Он пытался ее потащить в комнату, но она заупрямилась: там дед спит, он возразил, что у него двухкомнатная квартира, есть еще одна, Яна помотала головой: а вдруг старика разбудим, их жалеть надо, и тогда он положил ее прямо на обеденный стол, ухватил жадными пальцами сочные ягодицы…

Едва не потерял сознание, настолько все произошло мощно, настолько это было важно, что теперь вроде бы уже можно и не жить: основную функцию выполнил, а она, эта женщина, теперь может съесть его, как паучиха съедает паука за дальнейшей ненадобностью.

На плите в джезве кипела вода. С великим трудом он сделал крепчайший кофе, отпил почти кипяток, откинулся на стуле. Яна преспокойно общипывала виноградную гроздь, очистила и съела с огромным удовольствием банан. Видно, что для нее это все если не в диковинку, то вот такого отборнейшего винограда никогда не пробовала, даже бананы самые что ни на есть выдержанные…

Он с облегчением видел, что ей по фигу любые апартаменты, а она за это время в Москве могла повидать всякие пентхаузы, но кухня есть кухня, русская интеллигенция вся кухонная насквозь, пропахшая кухней, все великие произведения за последние полста лет творились на кухне и доныне пахнут кухней.

Отпил еще кофе, в мозгу прояснилось. Стало несколько стыдно за свою обезьянность, не так планировал, хотел же покрасивше, а не так, как все, сделал голос чище, сказал:

– Так вот, возвращаясь к нашим скифам… Не такие уж мы и оторванные от земли идеалистики, как тебе кажется… может быть. Мы ставим вполне реальные и достижимые цели. К примеру, скиф не должен покупать иностранные товары! Достижимо это? Достижимо. Конечно, если в продаже имеются отечественные!

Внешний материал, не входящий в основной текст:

(* If $X$ is a second-countable well-filtered space, then the upper Vietoris topology and the Scott topology on $\mathsf{K}(X)$ coincide.
   Context: Spaces are $T_0$; specialization order $x\le y$ iff $x\in\overline{\{y\}}$; saturated = upper set. $\mathsf{K}(X)$ = nonempty compact saturated subsets ordered by reverse inclusion. Scott topology on a poset: upper sets $U$ such that every directed $D$ whose supremum exists and lies in $U$ meets $U$. Upper Vietoris topology on $\mathsf{K}(X)$: base $\Box U=\{K:K\subseteq U\}$, $U$ open. Well-filtered: for open $U$ and $\mathcal K\subseteq\mathsf{K}(X)$ filtered under inclusion, $\bigcap\mathcal K\subseteq U$ implies some $K\in\mathcal K$ lies in $U$. *)

From Stdlib Require Import List Classical.

Record TopSpace := {
  carrier :> Type;
  is_open : (carrier -> Prop) -> Prop;
  open_full : is_open (fun _ => True);
  open_inter : forall U V, is_open U -> is_open V -> is_open (fun x => U x /\ V x);
  open_union : forall F : (carrier -> Prop) -> Prop,
      (forall U, F U -> is_open U) -> is_open (fun x => exists U, F U /\ U x);
  open_ext : forall U V, is_open U -> (forall x, U x <-> V x) -> is_open V
}.

Section Defs.
Variable X : TopSpace.

Definition subset (A B : X -> Prop) : Prop := forall x, A x -> B x.

Definition T0 : Prop :=
  forall x y : X, (forall U, is_open X U -> (U x <-> U y)) -> x = y.

Definition spec_le (x y : X) : Prop :=
  forall U, is_open X U -> U x -> U y.

Definition saturated (A : X -> Prop) : Prop :=
  forall x y, A x -> spec_le x y -> A y.

Definition compact (K : X -> Prop) : Prop :=
  forall F : (X -> Prop) -> Prop,
    (forall U, F U -> is_open X U) ->
    (forall x, K x -> exists U, F U /\ U x) ->
    exists l : list (X -> Prop), Forall F l /\
      (forall x, K x -> exists U, In U l /\ U x).

(* elements of K(X): nonempty compact saturated subsets *)
Definition inK (K : X -> Prop) : Prop :=
  (exists x, K x) /\ compact K /\ saturated K.

Definition second_countable : Prop :=
  exists B : nat -> (X -> Prop),
    (forall n, is_open X (B n)) /\
    (forall U, is_open X U -> forall x, U x -> exists n, B n x /\ subset (B n) U).

Definition filtered (D : (X -> Prop) -> Prop) : Prop :=
  (exists K, D K) /\
  (forall K1 K2, D K1 -> D K2 -> exists K3, D K3 /\ subset K3 K1 /\ subset K3 K2).

Definition well_filtered : Prop :=
  forall (U : X -> Prop) (KK : (X -> Prop) -> Prop),
    is_open X U ->
    (forall K, KK K -> inK K) ->
    filtered KK ->
    subset (fun x => forall K, KK K -> K x) U ->
    exists K, KK K /\ subset K U.

(* Subsets of K(X) are represented by predicates on subsets of X; only their
   values on elements of K(X) matter.  K(X) is ordered by reverse inclusion:
   K1 <= K2 iff K2 ⊆ K1. *)

(* upper Vietoris topology: generated by the base Box U = {K : K ⊆ U}, U open *)
Definition upper_vietoris_open (O : (X -> Prop) -> Prop) : Prop :=
  forall K, inK K -> O K ->
    exists U, is_open X U /\ subset K U /\
      (forall K', inK K' -> subset K' U -> O K').

Definition is_sup_K (D : (X -> Prop) -> Prop) (S : X -> Prop) : Prop :=
  inK S /\ (forall K, D K -> subset S K) /\
  (forall T, inK T -> (forall K, D K -> subset T K) -> subset T S).

Definition scott_open (O : (X -> Prop) -> Prop) : Prop :=
  (forall K K', inK K -> inK K' -> O K -> subset K' K -> O K') /\
  (forall D : (X -> Prop) -> Prop,
     (forall K, D K -> inK K) -> filtered D ->
     forall S, is_sup_K D S -> O S -> exists K, D K /\ O K).

End Defs.

(* Upper Vietoris open sets are Scott open because, by well-filteredness, the
   infimum of a filtered family in K(X) is its intersection, and an open set
   containing that intersection already contains a member of the family.
   Conversely, let O be Scott open with K ∈ O, and suppose no box □V around K
   lies inside O.  Second countability gives open neighbourhoods V_0, V_1, ...
   of K that eventually enter every neighbourhood of K; pick K_n ⊆ V_n outside
   O.  The tails K ∪ ⋃_{m ≥ n} K_m are compact saturated, form a filtered family
   whose intersection is K (K is saturated), so Scott openness puts some tail in
   O, and then the smaller K_n as well: a contradiction. *)
From Stdlib Require Import List Classical.
From Stdlib Require Import Arith Lia IndefiniteDescription.

Lemma testbits_of_list (A : Type) (f : nat -> A) (P : nat -> Prop) (l : list A) :
  Forall (fun a => exists i, P i /\ a = f i) l ->
  exists n, (forall i, Nat.testbit n i = true -> P i) /\
            (forall a, In a l -> exists i, Nat.testbit n i = true /\ a = f i).
Proof.
  induction 1 as [|a l [i0 [Pi0 ->]] _ [n [HP Hl]]].
  - exists 0; split; [|intros _ []].
    intros i; rewrite Nat.bits_0; discriminate.
  - exists (Nat.setbit n i0); split.
    + intros i; rewrite Nat.setbit_iff; intros [<-|t]; auto.
    + intros a [<-|ina].
      * exists i0; rewrite Nat.setbit_iff; auto.
      * destruct (Hl a ina) as [i [t e]]; exists i; rewrite Nat.setbit_iff; auto.
Qed.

Пусть даже ниже качеством, но свои. Ибо если покупать свои, то они смогут стать лучшими в мире, а если покупать импортные, то отечественная промышленность умрет вовсе.

– Ну и что? – спросила она.

Он растерялся на миг, затем вспомнил, что должен все накрепко привязывать к личным интересам, суетливо порылся в предвыборных лозунгах всех партий и движений, мозг мгновенно вычленил одну фразу, а голосовые связки тут же начали оформлять в слова:

– Яна, это же так… просто!.. Мы сразу привлечем внимание крупнейшей аграрной партии в Думе. Они от своих щедрот отстегнут нам что-то на прокорм и поощрение, мы же на них работаем почти впрямую… а там и промышленная партия захочет поддержать…

Она усомнилась:

– Думаешь, вас заметят?

– Если Алексей, – воскликнул он, – сумел привлечь в свою партию эстрадных поп-звезд, то почему… Ладно, дело не в Алексее. Откин – пробивной парень, он сумеет прорваться к помощникам депутатов, заинтересовать их, а потом добьется и приема у председателя промышленной партии! Я имею в виду производителей отечественных товаров. А главное – чтобы выслушали. Денег нам надо мало, а пользу можем им принести большую…

Она проговорила задумчиво:

– Если сумеете заинтересовать, то… Верно, самые большие деньги у аграрников да промышленников. Вчера показывали по телевизору, что какой-то ловкач из их партий тайком перевел в Швейцарию сто миллионов долларов, так в руководстве партии только отмахнулись: мол, семечки, стоит ли обращать внимание?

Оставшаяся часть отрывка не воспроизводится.